Recorded information section start

(* In the setting described in the context, let $\gamma_1,\ldots,\gamma_K>0$ and consider $$\mathbf{P3}:\quad \min_{\mathbf{p}_1,\ldots,\mathbf{p}_K\in\mathbb{C}^{M_t}}\sum_{k=1}^K\mathbf{p}_k^H\mathbf{p}_k\quad\text{s.t.}\quad \mathcal{C}_k\le 0,\ k=1,\ldots,K,$$ where $\mathcal{C}_k=1+\frac{1}{\sigma_n^2}\sum_{i\neq k}\mathbf{p}_i^H\mathbf{R}_k\mathbf{p}_i-\frac{1}{\sigma_n^2\gamma_k}\mathbf{p}_k^H\mathbf{R}_k\mathbf{p}_k$. Let $(\mathbf{p}_1,\ldots,\mathbf{p}_K)$ be an optimal solution of $\mathbf{P3}$ with optimal Lagrange multipliers $\mu_1,\ldots,\mu_K\ge0$, i.e. together they satisfy the KKT conditions $\mathbf{p}_k+\sum_{i\neq k}\frac{\mu_i}{\sigma_n^2}\mathbf{R}_i\mathbf{p}_k-\frac{\mu_k}{\sigma_n^2\gamma_k}\mathbf{R}_k\mathbf{p}_k=\mathbf{0}$ and $\mu_k\mathcal{C}_k=0$ for all $k$. Write $\mathbf{p}_k=\sqrt{\rho_k}\,\underline{\mathbf{p}}_k$ with $\rho_k\ge0$ and $\underline{\mathbf{p}}_k^H\underline{\mathbf{p}}_k=1$, and set $\mathbf{S}_k=\mu_k\mathbf{R}_k$ and $\mathbf{N}_k=\sigma_n^2\mathbf{I}+\sum_{i\neq k}\mu_i\mathbf{R}_i$. Then for each $k$, $\underline{\mathbf{p}}_k$ is a generalized eigenvector of the matrix pair $(\mathbf{S}_k,\mathbf{N}_k)$ associated with its maximum generalized eigenvalue, and $\gamma_k$ equals this maximum generalized eigenvalue.
   Context: A base station with $M_t$ antennas serves $K$ single-antenna users; $\sigma_n^2>0$ is the noise variance. For each user $k$, $\mathbf{R}_k=\mathbb{E}\{\mathbf{h}_k\mathbf{h}_k^H\}=\beta_k^2\bar{\mathbf{h}}_k\bar{\mathbf{h}}_k^H+(1-\beta_k^2)\mathbf{V}\boldsymbol{\Lambda}_k\mathbf{V}^H\in\mathbb{C}^{M_t\times M_t}$, where $\bar{\mathbf{h}}_k\in\mathbb{C}^{M_t}$, $\beta_k\in[0,1]$, $\mathbf{V}\in\mathbb{C}^{M_t\times NM_t}$ is a fixed matrix (a Kronecker product of oversampled DFT matrices), and $\boldsymbol{\Lambda}_k$ is an $NM_t\times NM_t$ diagonal matrix with nonnegative diagonal entries; this is the covariance of the channel $\mathbf{h}_k=\beta_k\bar{\mathbf{h}}_k+\sqrt{1-\beta_k^2}\mathbf{V}(\mathbf{m}_k\odot\mathbf{w}_k)$ with $\mathbf{w}_k$ i.i.d. $\mathcal{CN}(0,1)$ entries and $\boldsymbol{\Lambda}_k=\mathrm{diag}(\mathbf{m}_k\odot\mathbf{m}_k)$. A generalized eigenvalue $\lambda$ of a pair $(\mathbf{S},\mathbf{N})$ with eigenvector $\mathbf{x}\neq\mathbf{0}$ satisfies $\mathbf{S}\mathbf{x}=\lambda\mathbf{N}\mathbf{x}$. *)

From HB Require Import structures.
From mathcomp Require Import all_boot all_order all_algebra.
From mathcomp Require Import complex.
From mathcomp Require Import reals.
Set Implicit Arguments. Unset Strict Implicit. Unset Printing Implicit Defensive.
Import Order.TTheory GRing.Theory Num.Theory.
Local Open Scope ring_scope.

Definition herm (R : realType) (m n : nat) (A : 'M[R[i]]_(m, n)) : 'M[R[i]]_(n, m) :=
  (map_mx Num.conj A)^T.

Definition qform (R : realType) (n : nat) (x : 'cV[R[i]]_n) (A : 'M[R[i]]_n)
  (y : 'cV[R[i]]_n) : R[i] := (herm x *m A *m y) 0 0.

Definition dotH (R : realType) (n : nat) (x y : 'cV[R[i]]_n) : R[i] :=
  (herm x *m y) 0 0.

Definition covR (R : realType) (Mt NMt : nat) (beta : R) (hbar : 'cV[R[i]]_Mt)
  (V : 'M[R[i]]_(Mt, NMt)) (lam : 'rV[R]_NMt) : 'M[R[i]]_Mt :=
  ((beta ^+ 2)%:C)%C *: (hbar *m herm hbar)
  + ((1 - beta ^+ 2)%:C)%C *: (V *m diag_mx (map_mx (fun r => (r%:C)%C) lam) *m herm V).

Definition gen_eigvec (F : fieldType) (n : nat) (S N : 'M[F]_n) (lambda : F)
  (x : 'cV[F]_n) : Prop :=
  x != 0 /\ S *m x = lambda *: (N *m x).

Definition gen_eigval (F : fieldType) (n : nat) (S N : 'M[F]_n) (lambda : F) : Prop :=
  exists x, gen_eigvec S N lambda x.

Definition max_gen_eigval (R : realType) (n : nat) (S N : 'M[R[i]]_n) (lambda : R[i]) : Prop :=
  gen_eigval S N lambda /\ forall l, gen_eigval S N l -> l <= lambda.

Definition Ck (R : realType) (Mt K : nat) (sigma2 : R) (gamma : 'I_K -> R)
  (Rk : 'I_K -> 'M[R[i]]_Mt) (p : 'I_K -> 'cV[R[i]]_Mt) (k : 'I_K) : R[i] :=
  1 + ((sigma2^-1)%:C)%C * (\sum_(i < K | i != k) qform (p i) (Rk k) (p i))
    - (((sigma2 * gamma k)^-1)%:C)%C * qform (p k) (Rk k) (p k).

Definition P3_feasible (R : realType) (Mt K : nat) (sigma2 : R) (gamma : 'I_K -> R)
  (Rk : 'I_K -> 'M[R[i]]_Mt) (p : 'I_K -> 'cV[R[i]]_Mt) : Prop :=
  forall k, Ck sigma2 gamma Rk p k <= 0.

Definition P3_optimal (R : realType) (Mt K : nat) (sigma2 : R) (gamma : 'I_K -> R)
  (Rk : 'I_K -> 'M[R[i]]_Mt) (p : 'I_K -> 'cV[R[i]]_Mt) : Prop :=
  P3_feasible sigma2 gamma Rk p /\
  forall q, P3_feasible sigma2 gamma Rk q ->
    \sum_(k < K) dotH (p k) (p k) <= \sum_(k < K) dotH (q k) (q k).

(* Set B_k := I + sum_(i != k) (mu_i / sigma^2) R_i - mu_k / (sigma^2 gamma_k) R_k.
   Stationarity says B_k p_k = 0, and sigma^2 B_k = N_k - S_k / gamma_k.  Once B_k
   is known to be positive semidefinite, a generalized eigenpair S_k y = l N_k y gives
   0 <= y^H (N_k - S_k / gamma_k) y = (1 - l / gamma_k) y^H N_k y with y^H N_k y > 0,
   so l <= gamma_k, while p_k attains gamma_k.

   Positive semidefiniteness of B_k comes from optimality.  The Lagrangian identity
   sum_j |q_j|^2 + sum_j mu_j C_j(q) = sum_j mu_j + sum_j q_j^H B_j q_j shows that the
   optimal value is sum_j mu_j, and that a point q where every constraint is tight
   costs sum_j mu_j + sum_j q_j^H B_j q_j.  Replace the k-th direction by p_k + e x and
   rescale the powers: for fixed directions the constraints are affine in the powers,
   through a Z-matrix whose row sums are >= 1 at e = 0, hence positive for small e > 0,
   so positive powers s making every constraint tight exist.  As B_j p_j = 0, this
   point costs s_k e^2 x^H B_k x more than the optimum, which forces x^H B_k x >= 0. *)

From mathcomp Require Import all_boot all_order all_algebra.
From mathcomp Require Import complex reals.
From mathcomp Require Import ring lra.
Set Implicit Arguments.
Unset Strict Implicit.
Unset Printing Implicit Defensive.

Import Order.TTheory GRing.Theory Num.Theory.
Local Open Scope ring_scope.

Section ConjugateTranspose.
Variable R : realType.
Local Notation C := R[i].
Local Notation "x %:C" := (real_complex R x).

Lemma conjC_real (r : R) : (r%:C)^* = r%:C.
Proof. exact: conjc_real. Qed.

Lemma hermD m n (A B : 'M[C]_(m, n)) : herm (A + B) = herm A + herm B.
Proof. by apply/matrixP=> i j; rewrite !mxE rmorphD. Qed.

Lemma hermB m n (A B : 'M[C]_(m, n)) : herm (A - B) = herm A - herm B.
Proof. by apply/matrixP=> i j; rewrite !mxE rmorphB. Qed.

Lemma herm_sum m n (I : finType) (P : pred I) (F : I -> 'M[C]_(m, n)) :
  herm (\sum_(i | P i) F i) = \sum_(i | P i) herm (F i).
Proof.
elim/big_rec2: _ => [|i B A _ <-]; last by rewrite hermD.
by apply/matrixP=> i j; rewrite !mxE conjC0.
Qed.

Lemma hermM m n l (A : 'M[C]_(m, n)) (B : 'M[C]_(n, l)) :
  herm (A *m B) = herm B *m herm A.
Proof. by rewrite /herm map_mxM trmx_mul. Qed.

Lemma hermK m n (A : 'M[C]_(m, n)) : herm (herm A) = A.
Proof. by apply/matrixP=> i j; rewrite !mxE conjCK. Qed.

Lemma hermZ m n a (A : 'M[C]_(m, n)) : herm (a *: A) = a^* *: herm A.
Proof. by apply/matrixP=> i j; rewrite !mxE rmorphM. Qed.

Lemma herm_scalar_mx n (a : C) : herm (a%:M : 'M_n) = (a^*)%:M.
Proof. by apply/matrixP=> i j; rewrite !mxE eq_sym rmorphMn. Qed.

Lemma herm_diag_real n (d : 'rV[R]_n) :
  herm (diag_mx (map_mx (fun r => r%:C) d)) = diag_mx (map_mx (fun r => r%:C) d).
Proof.
apply/matrixP=> i j; rewrite !mxE /= rmorphMn eq_sym.
by case: eqP => [->|_]; rewrite ?mulr0n // !mulr1n; apply: conjC_real.
Qed.
(* Let $(\mathcal K,[\cdot,\cdot])$ be a Krein space and let $T$ be a closed, densely defined linear operator in $\mathcal K$ such that $\rho(T^{[*]}T)\neq\emptyset$ and $\rho(TT^{[*]})\neq\emptyset$. Then $$\sigma(T^{[*]}T)\setminus\{0\}=\sigma(TT^{[*]})\setminus\{0\},$$ and there exists a constant $C>0$ depending only on $T$ such that for all $\lambda,\mu\in\rho(T^{[*]}T)$ with $\lambda\neq0$, $$\|(T^{[*]}T-\lambda)^{-1}\|\le\frac{C\,M_1(\lambda)M_2(\mu)}{|\lambda|}\Big(|\mu|+|\lambda-\mu|\,(2+|\lambda|)(2+|\mu|)\Big),$$ where $M_1(\lambda):=\max\{1,\|(TT^{[*]}-\lambda)^{-1}\|\}$ and $M_2(\mu):=\max\{1,\|(T^{[*]}T-\mu)^{-1}\|\}$.
   Context: $\mathcal K$ is equipped with a Banach norm $\|\cdot\|$ for which $[\cdot,\cdot]$ is continuous. $T^{[*]}$ is the Krein space adjoint of $T$; products have natural domains. For an operator $S$ in $\mathcal K$, $\rho(S)$ is the set of $\lambda\in\mathbb C$ with $S-\lambda:\operatorname{dom}S\to\mathcal K$ bijective and $(S-\lambda)^{-1}$ bounded; $\sigma(S)=\mathbb C\setminus\rho(S)$. *)

From Stdlib Require Import Reals ClassicalEpsilon.
Open Scope R_scope.

Record Cx := mkCx { Re : R; Im : R }.
Definition C0 : Cx := mkCx 0 0.
Definition C1 : Cx := mkCx 1 0.
Definition Cadd (a b : Cx) : Cx := mkCx (Re a + Re b) (Im a + Im b).
Definition Copp (a : Cx) : Cx := mkCx (- Re a) (- Im a).
Definition Csub (a b : Cx) : Cx := Cadd a (Copp b).
Definition Cmul (a b : Cx) : Cx :=
  mkCx (Re a * Re b - Im a * Im b) (Re a * Im b + Im a * Re b).
Definition Cconj (a : Cx) : Cx := mkCx (Re a) (- Im a).
Definition Cabs (a : Cx) : R := sqrt (Re a ^ 2 + Im a ^ 2).

Definition cauchy_wrt {T} (d : T -> T -> R) (u : nat -> T) : Prop :=
  forall eps, 0 < eps -> exists N, forall n m, (N <= n)%nat -> (N <= m)%nat ->
    d (u n) (u m) < eps.
Definition conv_wrt {T} (d : T -> T -> R) (u : nat -> T) (l : T) : Prop :=
  forall eps, 0 < eps -> exists N, forall n, (N <= n)%nat -> d (u n) l < eps.

Definition is_subspace {T} (add : T -> T -> T) (zero : T) (scal : Cx -> T -> T)
  (P : T -> Prop) : Prop :=
  P zero /\ (forall x y, P x -> P y -> P (add x y)) /\
  (forall a x, P x -> P (scal a x)).
(* Let $H$ be a Kekul\'ean hexagonal system. Then $\zeta(H,x)=C(R(H),x)$, i.e. $z(H,i)=\alpha_i(R(H))$ for every $i\ge 0$.
   Context: A hexagonal system is a 2-connected finite plane graph in which every interior face is a regular hexagon of side length one (equivalently, a cycle of the infinite hexagonal lattice together with its interior); its hexagons are the boundaries of its interior faces. It is Kekul\'ean if it has a perfect matching. A Clar cover of $H$ is a spanning subgraph of $H$ each of whose components is either a hexagon of $H$ or a single edge ($K_2$). Let $z(H,k)$ be the number of Clar covers of $H$ with exactly $k$ hexagon components, and $Cl(H)$ the maximum such $k$. The Clar covering polynomial is $\zeta(H,x)=\sum_{k=0}^{Cl(H)} z(H,k)x^k$. The resonance graph $R(H)$ has the perfect matchings of $H$ as vertices, two being adjacent iff their symmetric difference is the edge set of a hexagon of $H$. For a graph $G$, the cube polynomial is $C(G,x)=\sum_{i\ge0}\alpha_i(G)x^i$, where $\alpha_i(G)$ is the number of induced subgraphs of $G$ isomorphic to the $i$-dimensional hypercube $Q_i$. *)

From mathcomp Require Import all_boot all_order all_algebra.
From mathcomp Require Import finmap.
Set Implicit Arguments.
Unset Strict Implicit.
Unset Printing Implicit Defensive.
Local Open Scope fset_scope.

(** Vertices are points (x,y) of Z^2.  Edges: horizontal (x,y)-(x+1,y) for all
  (x,y), vertical (x,y)-(x,y+1) when x+y is even.  This graph, with its
  obvious plane embedding, is the hexagonal lattice; its faces ("cells",
  regular hexagons) are the bricks with lower-left corner (x,y), x+y even.
  A cell is indexed by (i,j) : int * int, with lower-left corner
  (2i+j, j) (axial coordinates). *)

Definition vert := (int * int)%type.
Definition cell := (int * int)%type.
(** an edge is stored in its canonical orientation (left->right for
    horizontal edges, bottom->top for vertical edges) *)
Definition edge := (vert * vert)%type.
Lemma is_RInt_exp_neg_half C a b :
  is_RInt (fun t => C * exp (- t / 2)) a b (2 * C * (exp (- a / 2) - exp (- b / 2))).
Proof.
  replace (2 * C * (exp (- a / 2) - exp (- b / 2))) with
    (minus (-2 * C * exp (- b / 2)) (-2 * C * exp (- a / 2)))
    by (unfold minus, plus, opp; simpl; ring).
  apply (is_RInt_derive (V := R_CompleteNormedModule) (fun t => -2 * C * exp (- t / 2))).
  - intros t _. auto_derive; auto. lra.
  - intros t _. apply (ex_derive_continuous (fun t => C * exp (- t / 2))). auto_derive; auto.
Qed.

Lemma RInt_Gamma_integrand_le x a b : 1 <= x -> 0 < a <= b ->
  RInt (Gamma_integrand x) a b <= 2 * Rpower (2 * x - 1) (x - 1).
Proof.
  intros Hx Hab. set (C := Rpower (2 * x - 1) (x - 1)).
  assert (HC : 0 < C) by apply exp_pos.
  pose proof (is_RInt_exp_neg_half C a b) as Hexp.
  apply Rle_trans with (2 * C * (exp (- a / 2) - exp (- b / 2))).
  - rewrite <- (is_RInt_unique _ _ _ _ Hexp).
    apply RInt_le; [lra | now apply ex_RInt_Gamma_integrand | now exists (2 * C * (exp (- a / 2) - exp (- b / 2))) |].
    intros t Ht. apply Gamma_integrand_le; lra.
  - pose proof (exp_pos (- b / 2)).
    pose proof (exp_increasing (- a / 2) 0 ltac:(lra)) as Ha. rewrite exp_0 in Ha.
    nra.
Qed.

Lemma RInt_Gamma_integrand_1_2 x : 1 <= x -> exp (-2) <= RInt (Gamma_integrand x) 1 2.
Proof.
  intros Hx.
  apply Rle_trans with (RInt (fun _ => exp (-2)) 1 2).
  - rewrite RInt_const. unfold scal; simpl; unfold mult; simpl. lra.
  - apply RInt_le; [lra | apply ex_RInt_const | apply ex_RInt_Gamma_integrand; lra |].
    intros t Ht. unfold Gamma_integrand.
    assert (1 <= Rpower t (x - 1)).
    { rewrite <- exp_0 at 1. unfold Rpower. apply exp_le_compat, Rmult_le_pos; [lra |].
      rewrite <- ln_1. apply ln_le; lra. }
    assert (exp (-2) <= exp (- t)) by (apply exp_le_compat; lra).
    pose proof (exp_pos (-2)). nra.
Qed.

Lemma Gamma_ge_exp_m2 x : 1 <= x -> exp (-2) <= Gamma x.
Proof.
  intros Hx.
  destruct (is_RInt_gen_nonneg_bounded (Gamma_integrand x) 0 (2 * Rpower (2 * x - 1) (x - 1)))
    as (I & HI & Hdom).
  - apply ex_RInt_Gamma_integrand.
  - intros; apply Gamma_integrand_nonneg.
  - intros; now apply RInt_Gamma_integrand_le.
  - change (exp (-2) <= RInt_gen (Gamma_integrand x) (at_right 0) (Rbar_locally p_infty)).
    rewrite (is_RInt_gen_unique (Gamma_integrand x) I HI).
    apply Rle_trans with (RInt (Gamma_integrand x) 1 2).
    + now apply RInt_Gamma_integrand_1_2.
    + apply Hdom; lra.
Qed.

Lemma Gamma_pos x : 1 <= x -> 0 < Gamma x.
Proof. intros Hx. apply Rlt_le_trans with (exp (-2)); [apply exp_pos | now apply Gamma_ge_exp_m2]. Qed.

Lemma le_2_INR n : (2 <= n)%nat -> 2 <= INR n.
Proof. intros Hn. apply le_INR in Hn. simpl in Hn. lra. Qed.

Lemma fold_right_Rplus_init a l : fold_right Rplus a l = a + fold_right Rplus 0 l.
Proof. induction l as [| x l IH]; simpl; [ring | rewrite IH; ring]. Qed.

Lemma fsum_S n f : fsum (S n) f = fsum n f + f n.
Proof.
  unfold fsum. rewrite seq_S, map_app, fold_right_app. simpl.
  rewrite fold_right_Rplus_init. ring.
Qed.

Lemma fsum_ext n f g : (forall k, (k < n)%nat -> f k = g k) -> fsum n f = fsum n g.
Proof. induction n; intros H; [reflexivity |]. rewrite !fsum_S, IHn, H; auto. Qed.

Lemma fsum_le n f g : (forall k, (k < n)%nat -> f k <= g k) -> fsum n f <= fsum n g.
Proof.
  induction n; intros H; [apply Rle_refl |].
  rewrite !fsum_S. apply Rplus_le_compat; auto.
Qed.

Lemma fsum_plus n f g : fsum n (fun k => f k + g k) = fsum n f + fsum n g.
Proof. induction n; [unfold fsum; simpl; ring |]. rewrite !fsum_S, IHn. ring. Qed.

Lemma fsum_scal_l n c f : fsum n (fun k => c * f k) = c * fsum n f.
Proof. induction n; [unfold fsum; simpl; ring |]. rewrite !fsum_S, IHn. ring. Qed.

Lemma fsum_const n c : fsum n (fun _ => c) = INR n * c.
Proof. induction n; [unfold fsum; simpl; ring |]. rewrite !fsum_S, IHn, S_INR. ring. Qed.

Lemma fsum_swap n m f :
  fsum n (fun i => fsum m (fun j => f i j)) = fsum m (fun j => fsum n (fun i => f i j)).
Proof.
  induction n.
  - rewrite (fsum_ext m _ (fun _ => 0)), fsum_const by reflexivity. unfold fsum; simpl; ring.
  - rewrite fsum_S, IHn, <- fsum_plus. apply fsum_ext. intros j _. now rewrite fsum_S.
Qed.

Definition kronecker (i j : nat) : R := if Nat.eqb i j then 1 else 0.

Lemma fsum_kronecker n i h : (i < n)%nat -> fsum n (fun j => kronecker i j * h j) = h i.
Proof.
  induction n; intros Hi; [lia |].
  rewrite fsum_S. unfold kronecker at 2. destruct (Nat.eqb_spec i n) as [-> | Hne].
  - rewrite (fsum_ext n _ (fun _ => 0)), fsum_const; [ring |].
    intros k Hk. unfold kronecker. destruct (Nat.eqb_spec n k); [lia | ring].
  - rewrite IHn by lia. ring.
Qed.

Definition offdiag_sum (n : nat) (f : nat -> nat -> R) : R :=
  fsum n (fun i => fsum n (fun j => if Nat.eqb i j then 0 else f i j)).

Lemma offdiag_sum_diag n f :
  offdiag_sum n f = fsum n (fun i => fsum n (f i)) - fsum n (fun i => f i i).
Proof.
  unfold offdiag_sum. unfold Rminus. rewrite <- (Rmult_1_l (fsum n (fun i => f i i))).
  rewrite Ropp_mult_distr_l, <- fsum_scal_l, <- fsum_plus. apply fsum_ext. intros i Hi.
  rewrite <- (fsum_kronecker n i (f i)) by exact Hi.
  rewrite <- fsum_scal_l, <- fsum_plus. apply fsum_ext. intros j _.
  unfold kronecker. destruct (Nat.eqb i j); ring.
Qed.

Recorded information section end

## Task instructions:
Among the lines of the data, some contain the word "rmorphMn". How many are there? Reply with the number alone.

## Response area:
2